### Try it:
Sort through the material below and copy each line with "forall".

### Data extract:
(* Let $\mathcal M_\bullet=(B,\sigma,\alpha,b_\bullet)$ be a rooted map, let $S$ be (the edge set of) a spanning tree of $G(\mathcal M)$, and let $w$ be the associated double occurrence word. Then $S$ has the Trémaux property if and only if no edge $f$ has both an in-neighbor in $S$ and an out-neighbor in $S$ in $\vec{\Lambda}(w)$; equivalently, if and only if $w$ does not contain (as a subsequence) a pattern $e_1\,f\,e_1\,e_2\,f\,e_2$ with $e_1,e_2\in S$.
   Context: A map is a triple $\mathcal M=(B,\sigma,\alpha)$ with $B$ finite, $\sigma,\alpha\in\mathrm{Sym}(B)$, $\alpha$ a fixed-point-free involution, $\langle\sigma,\alpha\rangle$ transitive on $B$; a rooted map additionally has a root flag $b_\bullet\in B$. Edges are the cycles of $\alpha$; $\underline b=\{b,\alpha(b)\}$. The underlying graph $G(\mathcal M)$ has vertex set the cycles of $\sigma$, edge set the cycles of $\alpha$, $e$ incident to $v$ iff $e\cap v\neq\emptyset$. The tour of a set $F$ of edges is $\tau$ with $\tau(b)=\sigma(\alpha(b))$ if $\underline b\in F$ and $\tau(b)=\sigma(b)$ otherwise; for a spanning tree $S$, its tour $\tau$ is a single cycle on $B$, and the associated double occurrence word is $w=\underline{b_\bullet}\,\underline{\tau(b_\bullet)}\,\underline{\tau^2(b_\bullet)}\cdots\underline{\tau^{|B|-1}(b_\bullet)}$, a word on the alphabet of edges using each edge exactly twice. $\vec\Lambda(w)$ is the directed graph on the letters of $w$ with an arc $e\to f$ whenever $e\,f\,e\,f$ is a subsequence of $w$. $S$ has the Trémaux property if, rooting the tree $S$ at the vertex (cycle of $\sigma$) containing $b_\bullet$, for every edge of $G(\mathcal M)$ its two end vertices lie on a common path from the root towards a leaf of $S$ (i.e. one is an ancestor of the other). *)

From mathcomp Require Import all_boot all_fingroup.
Set Implicit Arguments. Unset Strict Implicit. Unset Printing Implicit Defensive.

Section MapDefs.
Variable B : finType.
Implicit Types (s a : {perm B}) (S : {set {set B}}).

Definition is_map s a : Prop :=
  [/\ forall b, a b != b,
      forall b, a (a b) = b
    & forall x y, connect (fun u v => (v == s u) || (v == a u)) x y].

Definition vtx s (b : B) : {set B} := porbit s b.
Definition edge a (b : B) : {set B} := [set b; a b].
Definition edges a : {set {set B}} := [set edge a b | b : B].

Definition sadj s a S : rel {set B} :=
  fun u v => [exists b, [&& edge a b \in S, vtx s b == u & vtx s (a b) == v]].

(* S is (the edge set of) a spanning tree of G(M): a set of edges of G(M)
   whose spanning subgraph is connected and acyclic (no edge of S lies on a
   cycle of S, i.e. the ends of each edge e of S are disconnected in S - e;
   loops are thereby excluded). *)
Definition spanning_tree s a S : Prop :=
  [/\ S \subset edges a,
      forall b1 b2, connect (sadj s a S) (vtx s b1) (vtx s b2)
    & forall b, edge a b \in S ->
        ~~ connect (sadj s a (S :\ edge a b)) (vtx s b) (vtx s (a b))].

Definition tour s a S (b : B) : B := if edge a b \in S then s (a b) else s b.

Definition dow s a S (b0 : B) : seq {set B} :=
  [seq edge a (iter i (tour s a S) b0) | i <- iota 0 #|B|].

Definition Larc (w : seq {set B}) (e f : {set B}) : bool :=
  subseq [:: e; f; e; f] w.

Definition tremaux s a S (b0 : B) : Prop :=
  forall b, exists p : seq {set B},
    [/\ path (sadj s a S) (vtx s b0) p,
        uniq (vtx s b0 :: p),
        vtx s b \in vtx s b0 :: p
      & vtx s (a b) \in vtx s b0 :: p].

End MapDefs.

From mathcomp Require Import all_boot all_fingroup.
From mathcomp Require Import zify.
Set Implicit Arguments. Unset Strict Implicit. Unset Printing Implicit Defensive.

(* Say that a vertex lies below a tree edge [e] when removing [e] from S cuts
   it off from the root.  The tour passes between the two sides of [e] only
   along [e], once in each direction; as the tree is connected, the tour is a
   single cycle, and the two occurrences of [e] in [w] delimit exactly the
   stretch of the tour spent below [e].  Hence two tree edges are never
   interlaced, and an edge [f] is interlaced with a tree edge [e] exactly when
   one end of [f] lies below [e] and the other does not.  Along a simple path
   from the root, a vertex below [e] is followed only by vertices below [e]; so
   a Tremaux path through both ends of [f] excludes arcs [e -> f -> g], which
   put each end of [f] below a tree edge that the other end is not below.
   Conversely, if neither end of [f] lies on the root path of the other, the
   last edges of these two root paths yield such arcs.  Both arcs use the two
   occurrences of [f], and since [e] and [g] are not interlaced the letters
   come in the order [e f e g f g]. *)

Lemma iter_change (T : Type) (f : T -> T) (P : pred T) u n :
  ~~ P u -> P (iter n f u) ->
  exists2 k, k < n & ~~ P (iter k f u) && P (iter k.+1 f u).
Proof.
move=> Pu; elim: n => [|n IHn] /=; first by rewrite (negbTE Pu).
move=> Pn; case: (boolP (P (iter n f u))) => [Pn1 | nPn1].
  by have [k lt_kn Pk] := IHn Pn1; exists k => //; apply: ltnW.
by exists n => //; rewrite nPn1 Pn.
Qed.

Lemma ltnS_addb m j : (m < j.+1) = (m < j) (+) (j == m).
Proof. by rewrite ltnS; case: ltngtP. Qed.

Lemma subseq_iota t n : subseq t (iota 0 n) = sorted ltn t && all (gtn n) t.
Proof.
apply/idP/andP => [sub_t | [sorted_t lt_t]].
  split; first exact: (subseq_sorted ltn_trans sub_t (iota_ltn_sorted 0 n)).
  by apply/allP => i /(mem_subseq sub_t); rewrite mem_iota.
have -> : t = filter (mem t) (iota 0 n).
  apply: (irr_sorted_eq ltn_trans ltnn) => //.
    exact/sorted_filter/iota_ltn_sorted/ltn_trans.
  move=> i; rewrite mem_filter mem_iota /=.
  by case t_i: (i \in t) => //=; have := allP lt_t i t_i.
exact: filter_subseq.
Qed.

Lemma subseq_map_iotaP (T : eqType) (f : nat -> T) p n :
  reflect (exists2 t, sorted ltn t && all (gtn n) t & p = map f t)
          (subseq p (map f (iota 0 n))).
Proof.
apply: (iffP idP) => [/subseqP [m _ ->] | [t t_ok ->]].
  by exists (mask m (iota 0 n)); rewrite ?map_mask // -subseq_iota mask_subseq.
by apply: map_subseq; rewrite subseq_iota.
Qed.

Lemma pattern6_Larc (B : finType) (w : seq {set B}) e1 e2 f :
  subseq [:: e1; f; e1; e2; f; e2] w -> Larc w e1 f /\ Larc w f e2.
Proof.
move=> sub6; split; apply: subseq_trans sub6; apply/subseqP.
  by exists [:: true; true; true; false; true; false].
by exists [:: false; true; false; true; true; true].
Qed.

Section TreeTour.

Variables (B : finType) (s a : {perm B}) (b0 : B) (S : {set {set B}}).
Hypothesis aK : involutive a.
Hypothesis S_edges : S \subset edges a.
Hypothesis S_connected :
  forall b1 b2, connect (sadj s a S) (vtx s b1) (vtx s b2).
Hypothesis S_acyclic : forall b, edge a b \in S ->
  ~~ connect (sadj s a (S :\ edge a b)) (vtx s b) (vtx s (a b)).

Local Notation tau := (tour s a S).
Local Notation v0 := (vtx s b0).
Local Notation n := #|B|.
Local Notation w := (dow s a S b0).

Definition below (e v : {set B}) := ~~ connect (sadj s a (S :\ e)) v0 v.

Lemma edge_flip y : edge a (a y) = edge a y.
Proof. by apply/setP => z; rewrite !inE aK orbC. Qed.

Lemma edge_darts z y : edge a z = edge a y -> z = y \/ z = a y.
Proof.
move=> eq_zy; have : z \in edge a z by rewrite !inE eqxx.
by rewrite eq_zy !inE => /orP [] /eqP; [left | right].
Qed.

Lemma sadj_sym F : symmetric (sadj s a F).
Proof.
move=> u v; apply/idP/idP => /existsP [b /and3P [Fb bu bv]];
  by apply/existsP; exists (a b); rewrite edge_flip Fb aK bu bv.
Qed.

Lemma vtx_perm z : vtx s (s z) = vtx s z.
Proof. by have := porbit_perm s 1 z; rewrite expg1. Qed.

Lemma tour_inj : injective tau.
Proof.
move=> y z; rewrite /tour.
case Sy: (edge a y \in S); case Sz: (edge a z \in S) => /perm_inj eq_yz.
- by rewrite -(aK y) eq_yz aK.
- by rewrite -eq_yz edge_flip Sy in Sz.
- by rewrite eq_yz edge_flip Sz in Sy.
- exact: eq_yz.
Qed.

Lemma below_root e : ~~ below e v0.
Proof. by rewrite /below negbK connect0. Qed.

Lemma below_adj e u v : sadj s a (S :\ e) u v -> below e u = below e v.
Proof.
move=> uv; congr negb; apply/idP/idP => c0; apply: (connect_trans c0).
  exact: connect1.
by apply: connect1; rewrite sadj_sym.
Qed.

Lemma below_tour e z :
  edge a z != e -> below e (vtx s (tau z)) = below e (vtx s z).
Proof.
rewrite /tour => ne_ze; case: ifP => Sz; rewrite vtx_perm //.
rewrite (@below_adj e (vtx s z) (vtx s (a z))) //.
by apply/existsP; exists z; rewrite !inE ne_ze Sz !eqxx.
Qed.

### Result of the exercise:
  [/\ forall b, a b != b,
      forall b, a (a b) = b
    & forall x y, connect (fun u v => (v == s u) || (v == a u)) x y].
      forall b1 b2, connect (sadj s a S) (vtx s b1) (vtx s b2)
    & forall b, edge a b \in S ->
  forall b, exists p : seq {set B},
  forall b1 b2, connect (sadj s a S) (vtx s b1) (vtx s b2).
Hypothesis S_acyclic : forall b, edge a b \in S ->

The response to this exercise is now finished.